That is, when the second partition wall 27A is further inserted between the support springs 81, the portion of the second spring piece 84 other than the contact portion 84C slides on the insertion / extraction auxiliary projection 28B, and the second spring piece 84 is bent. The portion 84B gets over the insertion / removal auxiliary protrusion 28B. When the insertion / extraction auxiliary protrusion 28B is overcome, the second spring piece 84 closes. Then, the contact portion 84C protruding inward in the second spring piece 84 comes into contact with the second contact portion 42B of the fuse bus bar 42.

Then, when the lever 50 is further rotated from the state shown in FIGS. 10 (a) and 12 (a), the state of the fitting position shown in FIGS. 10 (b) and 12 (b) is reached.
In FIGS. 10 (b) and 12 (b), the second partition wall 27A is inserted deeper between the support springs 81 than in the state shown in FIGS. 10 (a) and 12 (a).

As a result, the first contact portion 42A and the contact portion 83C of the first spring piece 83 slide in the fitting direction. Then, a wiping operation is performed to wipe off the insulating substance on the contact surface that may adhere to the first contact portion 42A. The insulating material is, for example, an oxide film of a terminal or dust.

Although the insertion / extraction auxiliary protrusion 28B is not shown in FIGS. 10B and 12B, the positional relationship between the insertion / removal auxiliary protrusion 28B and the second spring piece 84 is the case of the insertion / removal auxiliary protrusion 28A and the first spring piece 83. Is similar to.
That is, when the second partition wall 27A is further inserted between the support springs 81, the contact portion 84C of the second contact portion 42B and the second spring piece 84 slides in the fitting direction. Then, a wiping operation is performed to wipe off the insulating substance on the contact surface that may adhere to the second contact portion 42B.

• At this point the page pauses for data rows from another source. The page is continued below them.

(* Assume the cost function $\mathbf{c}$ satisfies the Principle of Near-Optimality (PONO). Let $Q$ be a finite nonempty set of tables, let $\alpha_i\ge 1$, and run the Representative-Tradeoffs dynamic program (RTA) with internal precision $\alpha_i$, producing sets $\mathcal{P}^q\subseteq \mathcal{A}(q)$ for all nonempty $q\subseteq Q$ (the order in which splits, operators and sub-plans are enumerated is arbitrary). Then for every nonempty $q\subseteq Q$ and every plan $p^*\in\mathcal{A}(q)$ there exists $p\in\mathcal{P}^q$ with $\mathbf{c}(p)\preceq_{\alpha_i^{|q|}}\mathbf{c}(p^* )$. In particular $\mathcal{P}^Q$ is an $\alpha_i^{|Q|}$-approximate Pareto set for $Q$.
   Context: Fix a finite set $\mathbb{O}$ of $l\ge1$ objectives and a finite set $\mathbb{J}$ of join operators. For each table $t$ there is a finite nonempty set $\mathcal{A}(\{t\})$ of scan plans (access paths). For a set $q$ of tables with $|q|\ge2$, the plan space $\mathcal{A}(q)$ consists of all plans $\mathrm{Combine}(j,p_1,p_2)$ where $q=q_1\dot\cup q_2$ with $q_1,q_2$ nonempty, $j\in\mathbb{J}$, $p_1\in\mathcal{A}(q_1)$, $p_2\in\mathcal{A}(q_2)$; $p_1,p_2$ are the sub-plans. Each plan $p$ has a cost vector $\mathbf{c}(p)\in\mathbb{R}_{\ge0}^{\mathbb{O}}$. For vectors, $\mathbf{c}_1\preceq\mathbf{c}_2$ means $\mathbf{c}_1^o\le\mathbf{c}_2^o$ for all $o\in\mathbb{O}$, and $\mathbf{c}_1\preceq_\alpha\mathbf{c}_2$ means $\mathbf{c}_1^o\le\alpha\,\mathbf{c}_2^o$ for all $o$. PONO: for all $\alpha\ge1$, $j\in\mathbb{J}$ and plans with $\mathbf{c}(p_L^* )\preceq_\alpha\mathbf{c}(p_L)$, $\mathbf{c}(p_R^* )\preceq_\alpha\mathbf{c}(p_R)$ (where $p_L,p_L^*$ produce the same table set, as do $p_R,p_R^*$), one has $\mathbf{c}(\mathrm{Combine}(j,p_L^*,p_R^* ))\preceq_\alpha\mathbf{c}(\mathrm{Combine}(j,p_L,p_R))$. Procedure $\mathrm{Prune}(\mathcal{P},p_N,\alpha_i)$: if there is no $p\in\mathcal{P}$ with $\mathbf{c}(p)\preceq_{\alpha_i}\mathbf{c}(p_N)$, then delete from $\mathcal{P}$ every $p$ with $\mathbf{c}(p_N)\preceq\mathbf{c}(p)$ and then insert $p_N$; otherwise $\mathcal{P}$ is unchanged. RTA: for each table $t\in Q$, start with $\mathcal{P}^{\{t\}}=\emptyset$ and call $\mathrm{Prune}(\mathcal{P}^{\{t\}},p_N,\alpha_i)$ for every $p_N\in\mathcal{A}(\{t\})$; then for $k=2,\dots,|Q|$ and every $q\subseteq Q$ with $|q|=k$, start with $\mathcal{P}^q=\emptyset$ and, for every split $q=q_1\dot\cup q_2$ into nonempty parts, every $p_1\in\mathcal{P}^{q_1}$, $p_2\in\mathcal{P}^{q_2}$, $j\in\mathbb{J}$, call $\mathrm{Prune}(\mathcal{P}^q,\mathrm{Combine}(j,p_1,p_2),\alpha_i)$. An $\alpha$-approximate Pareto set for $q$ is a set of plans for $q$ containing, for every plan $p^*\in\mathcal{A}(q)$ (equivalently every Pareto-optimal one), a plan $p$ with $\mathbf{c}(p)\preceq_\alpha\mathbf{c}(p^* )$. *)

From HB Require Import structures.
From mathcomp Require Import all_boot all_order all_algebra.
Set Implicit Arguments. Unset Strict Implicit. Unset Printing Implicit Defensive.
Import Order.TTheory GRing.Theory Num.Theory.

As described above, the first contact portion 42A of the fuse bus bar 42 contacts the contact portion 83C of the first spring piece 83, and the second contact portion 42B of the fuse bus bar 42 contacts the contact portion 84C of the second spring piece 84. To do. At the mating position, electrical contact between the fuse member 40 and the clip spring 80A is established with the insulating material wiped from the contact surface of the fuse bus bar 42.

Further, in the fitting position, as shown in FIG. 12B, the position where the first spring piece 83 supports the fuse bus bar 42 and the position where the second spring piece 84 supports the fuse bus bar 42 are in the height direction. It is different in Z. As a result, the fuse bus bar 42 is supported by the support spring 81 at a plurality of points in the height direction Z, so that the fuse member 40 at the fitting position becomes strong against runout in the width direction Y and becomes easy to stabilize.

When the lever 50 is slid in the horizontal direction from this mating position, the position changes to the circuit operating position shown in FIG. 1 (c). The cam protrusion 73 at the circuit operating position is located at the other end of the cam groove 55. At the circuit operating position, the engaged state of the fuse bus bar 42 and the support spring 81 does not change, and the electric circuit including the fuse member 40 and the clip springs 80A and 80B is energized.
When removing the fuse member 40 from the electric connector 1, the operation from the fitting release position to the fitting position may be reversed. The description of the operation in this case will be omitted.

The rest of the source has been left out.